** Dataset follows **

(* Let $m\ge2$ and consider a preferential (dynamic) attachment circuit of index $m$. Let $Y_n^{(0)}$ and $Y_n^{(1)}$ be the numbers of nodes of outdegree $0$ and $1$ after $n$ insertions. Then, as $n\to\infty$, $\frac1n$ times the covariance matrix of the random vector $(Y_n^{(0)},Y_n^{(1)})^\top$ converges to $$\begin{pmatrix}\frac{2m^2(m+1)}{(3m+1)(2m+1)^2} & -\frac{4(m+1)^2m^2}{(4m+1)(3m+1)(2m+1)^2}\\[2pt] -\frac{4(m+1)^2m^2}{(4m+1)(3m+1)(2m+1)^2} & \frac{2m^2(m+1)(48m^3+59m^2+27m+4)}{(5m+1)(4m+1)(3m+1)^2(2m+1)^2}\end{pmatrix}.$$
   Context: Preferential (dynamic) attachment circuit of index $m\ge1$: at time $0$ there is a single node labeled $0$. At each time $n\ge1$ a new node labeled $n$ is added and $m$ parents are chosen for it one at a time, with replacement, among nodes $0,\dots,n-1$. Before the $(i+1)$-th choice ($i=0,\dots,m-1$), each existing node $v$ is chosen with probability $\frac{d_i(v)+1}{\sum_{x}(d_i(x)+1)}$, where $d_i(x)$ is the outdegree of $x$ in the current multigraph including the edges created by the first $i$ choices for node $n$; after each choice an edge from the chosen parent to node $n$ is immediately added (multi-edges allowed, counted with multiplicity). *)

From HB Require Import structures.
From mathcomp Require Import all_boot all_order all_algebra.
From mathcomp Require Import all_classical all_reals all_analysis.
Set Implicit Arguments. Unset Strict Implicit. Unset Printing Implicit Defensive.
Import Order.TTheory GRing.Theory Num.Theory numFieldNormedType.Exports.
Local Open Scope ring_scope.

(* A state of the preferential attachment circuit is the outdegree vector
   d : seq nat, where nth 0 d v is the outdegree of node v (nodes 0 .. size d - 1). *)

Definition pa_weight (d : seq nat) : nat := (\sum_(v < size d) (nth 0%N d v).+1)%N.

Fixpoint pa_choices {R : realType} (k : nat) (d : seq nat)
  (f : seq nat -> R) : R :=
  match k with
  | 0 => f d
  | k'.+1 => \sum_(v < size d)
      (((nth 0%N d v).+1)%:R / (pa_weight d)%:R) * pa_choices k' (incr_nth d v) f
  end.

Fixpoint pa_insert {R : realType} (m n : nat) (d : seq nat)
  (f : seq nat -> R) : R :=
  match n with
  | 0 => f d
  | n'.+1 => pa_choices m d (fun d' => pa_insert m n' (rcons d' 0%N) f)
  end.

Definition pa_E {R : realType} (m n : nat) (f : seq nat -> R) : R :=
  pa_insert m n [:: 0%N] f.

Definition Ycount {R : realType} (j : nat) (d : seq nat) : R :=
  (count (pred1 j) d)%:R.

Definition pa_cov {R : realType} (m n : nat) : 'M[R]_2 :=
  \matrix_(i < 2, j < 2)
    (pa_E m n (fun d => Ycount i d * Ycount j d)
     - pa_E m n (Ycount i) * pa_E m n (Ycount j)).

** End of Dataset **

• _Task statement_
Reproduce the whole of the records exactly, so that no line differs from the source above.

• _Exercise output_
(* Let $m\ge2$ and consider a preferential (dynamic) attachment circuit of index $m$. Let $Y_n^{(0)}$ and $Y_n^{(1)}$ be the numbers of nodes of outdegree $0$ and $1$ after $n$ insertions. Then, as $n\to\infty$, $\frac1n$ times the covariance matrix of the random vector $(Y_n^{(0)},Y_n^{(1)})^\top$ converges to $$\begin{pmatrix}\frac{2m^2(m+1)}{(3m+1)(2m+1)^2} & -\frac{4(m+1)^2m^2}{(4m+1)(3m+1)(2m+1)^2}\\[2pt] -\frac{4(m+1)^2m^2}{(4m+1)(3m+1)(2m+1)^2} & \frac{2m^2(m+1)(48m^3+59m^2+27m+4)}{(5m+1)(4m+1)(3m+1)^2(2m+1)^2}\end{pmatrix}.$$
   Context: Preferential (dynamic) attachment circuit of index $m\ge1$: at time $0$ there is a single node labeled $0$. At each time $n\ge1$ a new node labeled $n$ is added and $m$ parents are chosen for it one at a time, with replacement, among nodes $0,\dots,n-1$. Before the $(i+1)$-th choice ($i=0,\dots,m-1$), each existing node $v$ is chosen with probability $\frac{d_i(v)+1}{\sum_{x}(d_i(x)+1)}$, where $d_i(x)$ is the outdegree of $x$ in the current multigraph including the edges created by the first $i$ choices for node $n$; after each choice an edge from the chosen parent to node $n$ is immediately added (multi-edges allowed, counted with multiplicity). *)

From HB Require Import structures.
From mathcomp Require Import all_boot all_order all_algebra.
From mathcomp Require Import all_classical all_reals all_analysis.
Set Implicit Arguments. Unset Strict Implicit. Unset Printing Implicit Defensive.
Import Order.TTheory GRing.Theory Num.Theory numFieldNormedType.Exports.
Local Open Scope ring_scope.

(* A state of the preferential attachment circuit is the outdegree vector
   d : seq nat, where nth 0 d v is the outdegree of node v (nodes 0 .. size d - 1). *)

Definition pa_weight (d : seq nat) : nat := (\sum_(v < size d) (nth 0%N d v).+1)%N.

Fixpoint pa_choices {R : realType} (k : nat) (d : seq nat)
  (f : seq nat -> R) : R :=
  match k with
  | 0 => f d
  | k'.+1 => \sum_(v < size d)
      (((nth 0%N d v).+1)%:R / (pa_weight d)%:R) * pa_choices k' (incr_nth d v) f
  end.

Fixpoint pa_insert {R : realType} (m n : nat) (d : seq nat)
  (f : seq nat -> R) : R :=
  match n with
  | 0 => f d
  | n'.+1 => pa_choices m d (fun d' => pa_insert m n' (rcons d' 0%N) f)
  end.

Definition pa_E {R : realType} (m n : nat) (f : seq nat -> R) : R :=
  pa_insert m n [:: 0%N] f.

Definition Ycount {R : realType} (j : nat) (d : seq nat) : R :=
  (count (pred1 j) d)%:R.

Definition pa_cov {R : realType} (m n : nat) : 'M[R]_2 :=
  \matrix_(i < 2, j < 2)
    (pa_E m n (fun d => Ycount i d * Ycount j d)
     - pa_E m n (Ycount i) * pa_E m n (Ycount j)).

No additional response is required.